# YOUR INSTRUCTIONS
Go over the material below and report every line that contains the word "would".

□ □ □

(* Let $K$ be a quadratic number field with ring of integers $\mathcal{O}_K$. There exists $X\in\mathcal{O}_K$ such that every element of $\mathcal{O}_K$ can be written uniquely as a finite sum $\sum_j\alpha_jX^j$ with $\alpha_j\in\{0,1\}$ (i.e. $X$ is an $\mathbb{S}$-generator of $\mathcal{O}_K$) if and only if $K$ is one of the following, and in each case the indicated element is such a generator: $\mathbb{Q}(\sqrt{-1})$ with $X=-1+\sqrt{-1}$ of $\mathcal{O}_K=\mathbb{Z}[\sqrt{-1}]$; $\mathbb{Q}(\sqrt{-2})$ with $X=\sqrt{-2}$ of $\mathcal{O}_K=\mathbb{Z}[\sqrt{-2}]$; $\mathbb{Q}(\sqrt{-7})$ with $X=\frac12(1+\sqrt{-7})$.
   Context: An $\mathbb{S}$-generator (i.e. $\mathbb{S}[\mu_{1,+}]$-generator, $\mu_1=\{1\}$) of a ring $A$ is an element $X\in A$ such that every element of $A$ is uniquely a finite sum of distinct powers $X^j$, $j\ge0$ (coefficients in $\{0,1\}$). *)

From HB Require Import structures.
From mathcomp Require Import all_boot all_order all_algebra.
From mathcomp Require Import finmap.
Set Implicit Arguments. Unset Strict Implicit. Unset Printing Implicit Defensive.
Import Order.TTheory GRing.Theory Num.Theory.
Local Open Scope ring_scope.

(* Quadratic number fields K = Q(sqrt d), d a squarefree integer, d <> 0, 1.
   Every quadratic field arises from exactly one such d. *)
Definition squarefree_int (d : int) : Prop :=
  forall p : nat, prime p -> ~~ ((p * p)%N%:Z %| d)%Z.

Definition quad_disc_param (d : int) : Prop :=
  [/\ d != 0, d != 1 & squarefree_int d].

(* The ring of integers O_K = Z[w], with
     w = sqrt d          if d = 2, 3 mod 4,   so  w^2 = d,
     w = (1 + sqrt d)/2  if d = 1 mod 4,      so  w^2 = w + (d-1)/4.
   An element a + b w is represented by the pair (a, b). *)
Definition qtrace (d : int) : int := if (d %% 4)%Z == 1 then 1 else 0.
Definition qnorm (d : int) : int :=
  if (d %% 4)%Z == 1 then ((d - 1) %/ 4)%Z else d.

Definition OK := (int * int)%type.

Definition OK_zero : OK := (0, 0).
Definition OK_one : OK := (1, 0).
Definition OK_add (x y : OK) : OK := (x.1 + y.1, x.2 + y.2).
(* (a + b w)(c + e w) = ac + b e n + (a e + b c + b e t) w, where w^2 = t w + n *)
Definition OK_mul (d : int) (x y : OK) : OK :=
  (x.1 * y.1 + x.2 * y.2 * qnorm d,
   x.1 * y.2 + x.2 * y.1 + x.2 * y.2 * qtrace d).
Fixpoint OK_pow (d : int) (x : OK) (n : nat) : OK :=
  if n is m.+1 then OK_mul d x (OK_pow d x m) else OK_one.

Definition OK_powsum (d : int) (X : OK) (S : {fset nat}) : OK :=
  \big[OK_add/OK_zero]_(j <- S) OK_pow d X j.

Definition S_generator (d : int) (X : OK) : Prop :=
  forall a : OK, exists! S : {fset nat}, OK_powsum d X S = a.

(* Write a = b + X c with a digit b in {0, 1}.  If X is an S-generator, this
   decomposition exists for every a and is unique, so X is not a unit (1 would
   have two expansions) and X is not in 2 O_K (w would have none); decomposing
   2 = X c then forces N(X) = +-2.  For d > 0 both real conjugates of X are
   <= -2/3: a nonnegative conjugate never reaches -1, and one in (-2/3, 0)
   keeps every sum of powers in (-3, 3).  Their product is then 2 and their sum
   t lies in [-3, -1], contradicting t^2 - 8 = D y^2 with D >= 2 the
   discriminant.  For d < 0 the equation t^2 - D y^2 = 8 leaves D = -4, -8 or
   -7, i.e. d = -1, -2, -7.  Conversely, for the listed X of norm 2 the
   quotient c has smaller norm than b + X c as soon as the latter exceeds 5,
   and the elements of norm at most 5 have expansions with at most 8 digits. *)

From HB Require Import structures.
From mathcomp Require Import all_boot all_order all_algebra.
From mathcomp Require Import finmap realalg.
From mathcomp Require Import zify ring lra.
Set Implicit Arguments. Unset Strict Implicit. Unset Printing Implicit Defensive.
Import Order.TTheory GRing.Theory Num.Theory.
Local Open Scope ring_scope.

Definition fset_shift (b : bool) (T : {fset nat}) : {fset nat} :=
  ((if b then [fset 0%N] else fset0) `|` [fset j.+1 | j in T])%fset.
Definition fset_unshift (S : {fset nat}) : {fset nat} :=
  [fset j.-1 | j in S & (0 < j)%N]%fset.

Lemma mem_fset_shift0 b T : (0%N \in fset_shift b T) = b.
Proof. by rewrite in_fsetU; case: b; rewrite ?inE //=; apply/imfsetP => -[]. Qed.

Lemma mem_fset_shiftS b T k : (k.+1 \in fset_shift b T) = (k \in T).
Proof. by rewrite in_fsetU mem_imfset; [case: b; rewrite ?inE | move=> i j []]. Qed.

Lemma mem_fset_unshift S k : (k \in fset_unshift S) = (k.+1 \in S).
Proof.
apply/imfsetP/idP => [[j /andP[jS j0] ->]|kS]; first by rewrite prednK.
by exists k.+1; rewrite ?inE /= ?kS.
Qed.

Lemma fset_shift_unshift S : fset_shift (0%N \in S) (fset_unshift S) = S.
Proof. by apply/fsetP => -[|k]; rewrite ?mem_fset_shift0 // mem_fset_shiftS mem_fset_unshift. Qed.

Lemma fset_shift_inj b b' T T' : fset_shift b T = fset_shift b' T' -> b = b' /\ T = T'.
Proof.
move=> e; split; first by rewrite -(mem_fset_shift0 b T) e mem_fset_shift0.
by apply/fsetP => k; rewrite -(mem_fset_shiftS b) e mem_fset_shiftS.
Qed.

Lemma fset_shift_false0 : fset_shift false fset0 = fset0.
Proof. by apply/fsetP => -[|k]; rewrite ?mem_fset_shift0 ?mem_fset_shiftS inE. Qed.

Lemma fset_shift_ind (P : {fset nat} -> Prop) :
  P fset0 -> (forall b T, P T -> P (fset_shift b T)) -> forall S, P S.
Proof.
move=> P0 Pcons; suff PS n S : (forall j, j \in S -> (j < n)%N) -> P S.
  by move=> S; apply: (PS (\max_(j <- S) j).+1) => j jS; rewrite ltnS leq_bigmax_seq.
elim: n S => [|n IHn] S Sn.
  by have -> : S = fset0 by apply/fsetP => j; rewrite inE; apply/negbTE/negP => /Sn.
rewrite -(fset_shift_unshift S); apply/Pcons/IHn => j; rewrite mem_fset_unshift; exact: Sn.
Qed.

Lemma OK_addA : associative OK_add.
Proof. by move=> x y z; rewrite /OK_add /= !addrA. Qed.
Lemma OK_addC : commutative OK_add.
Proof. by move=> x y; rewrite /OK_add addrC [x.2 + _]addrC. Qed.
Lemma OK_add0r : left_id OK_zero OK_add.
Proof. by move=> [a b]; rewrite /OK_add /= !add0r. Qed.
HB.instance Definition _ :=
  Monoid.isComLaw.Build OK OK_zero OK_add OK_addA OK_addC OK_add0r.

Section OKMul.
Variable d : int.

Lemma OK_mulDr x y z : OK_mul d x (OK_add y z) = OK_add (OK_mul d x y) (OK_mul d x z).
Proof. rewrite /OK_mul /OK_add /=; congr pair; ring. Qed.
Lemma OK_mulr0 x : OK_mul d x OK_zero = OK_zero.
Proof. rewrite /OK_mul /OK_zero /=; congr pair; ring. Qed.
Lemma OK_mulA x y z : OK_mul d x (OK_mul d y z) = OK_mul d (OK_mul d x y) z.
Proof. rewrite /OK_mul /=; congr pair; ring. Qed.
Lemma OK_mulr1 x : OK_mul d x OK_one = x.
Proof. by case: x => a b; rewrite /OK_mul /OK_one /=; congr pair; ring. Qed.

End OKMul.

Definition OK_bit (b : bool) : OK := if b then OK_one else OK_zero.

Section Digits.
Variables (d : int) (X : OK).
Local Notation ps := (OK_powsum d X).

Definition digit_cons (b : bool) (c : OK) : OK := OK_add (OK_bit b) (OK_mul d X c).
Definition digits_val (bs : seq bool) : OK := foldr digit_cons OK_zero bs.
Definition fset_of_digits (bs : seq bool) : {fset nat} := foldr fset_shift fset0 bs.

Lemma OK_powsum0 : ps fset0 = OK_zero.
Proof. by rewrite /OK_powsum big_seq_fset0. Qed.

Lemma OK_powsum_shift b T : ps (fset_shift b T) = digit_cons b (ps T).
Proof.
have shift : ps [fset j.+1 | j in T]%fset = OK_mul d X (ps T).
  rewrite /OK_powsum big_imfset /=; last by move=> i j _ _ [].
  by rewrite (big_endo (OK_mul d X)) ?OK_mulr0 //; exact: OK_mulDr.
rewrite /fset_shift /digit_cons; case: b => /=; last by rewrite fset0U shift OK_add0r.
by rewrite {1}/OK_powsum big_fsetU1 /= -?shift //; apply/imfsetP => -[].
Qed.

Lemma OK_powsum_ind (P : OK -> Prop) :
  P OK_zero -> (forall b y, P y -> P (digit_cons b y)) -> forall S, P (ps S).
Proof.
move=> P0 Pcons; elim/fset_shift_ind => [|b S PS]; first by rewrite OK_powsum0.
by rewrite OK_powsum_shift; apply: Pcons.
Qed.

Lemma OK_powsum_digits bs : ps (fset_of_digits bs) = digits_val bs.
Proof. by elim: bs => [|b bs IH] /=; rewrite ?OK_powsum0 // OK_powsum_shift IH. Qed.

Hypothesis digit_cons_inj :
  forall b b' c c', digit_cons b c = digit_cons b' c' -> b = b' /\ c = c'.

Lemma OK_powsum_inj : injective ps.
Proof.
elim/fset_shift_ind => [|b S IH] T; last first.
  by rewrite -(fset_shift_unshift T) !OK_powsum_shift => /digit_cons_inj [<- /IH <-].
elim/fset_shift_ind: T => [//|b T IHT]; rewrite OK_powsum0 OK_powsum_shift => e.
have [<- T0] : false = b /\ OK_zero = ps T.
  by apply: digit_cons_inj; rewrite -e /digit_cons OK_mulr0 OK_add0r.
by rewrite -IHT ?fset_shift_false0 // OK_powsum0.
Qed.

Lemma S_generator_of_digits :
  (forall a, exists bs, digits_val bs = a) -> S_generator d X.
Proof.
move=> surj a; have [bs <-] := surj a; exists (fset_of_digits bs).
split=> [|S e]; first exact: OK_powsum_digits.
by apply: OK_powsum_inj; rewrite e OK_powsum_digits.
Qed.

□ □ □

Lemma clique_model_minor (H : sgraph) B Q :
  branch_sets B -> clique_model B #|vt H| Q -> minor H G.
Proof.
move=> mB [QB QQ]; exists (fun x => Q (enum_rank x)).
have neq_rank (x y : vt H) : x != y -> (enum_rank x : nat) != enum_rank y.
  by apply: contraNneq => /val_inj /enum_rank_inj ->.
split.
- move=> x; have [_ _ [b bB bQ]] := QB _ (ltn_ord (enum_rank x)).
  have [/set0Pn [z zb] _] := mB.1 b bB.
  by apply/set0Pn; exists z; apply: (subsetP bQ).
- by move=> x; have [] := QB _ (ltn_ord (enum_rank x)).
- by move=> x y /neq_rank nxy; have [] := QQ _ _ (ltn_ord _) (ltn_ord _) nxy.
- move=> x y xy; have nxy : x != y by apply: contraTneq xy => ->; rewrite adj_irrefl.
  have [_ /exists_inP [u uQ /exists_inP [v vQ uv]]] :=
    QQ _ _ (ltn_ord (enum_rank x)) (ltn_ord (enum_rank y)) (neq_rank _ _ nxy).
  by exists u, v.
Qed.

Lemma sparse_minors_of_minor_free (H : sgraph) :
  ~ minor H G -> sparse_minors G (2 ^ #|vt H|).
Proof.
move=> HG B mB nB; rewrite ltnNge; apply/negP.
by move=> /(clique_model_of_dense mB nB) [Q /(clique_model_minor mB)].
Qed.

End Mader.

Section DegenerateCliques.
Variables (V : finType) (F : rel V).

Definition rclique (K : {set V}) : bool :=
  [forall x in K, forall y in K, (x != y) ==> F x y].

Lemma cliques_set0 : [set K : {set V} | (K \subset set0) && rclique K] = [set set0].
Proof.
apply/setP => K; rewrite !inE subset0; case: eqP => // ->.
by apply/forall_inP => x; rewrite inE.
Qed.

□ □ □

# SOLUTION
   decomposition exists for every a and is unique, so X is not a unit (1 would
   have two expansions) and X is not in 2 O_K (w would have none); decomposing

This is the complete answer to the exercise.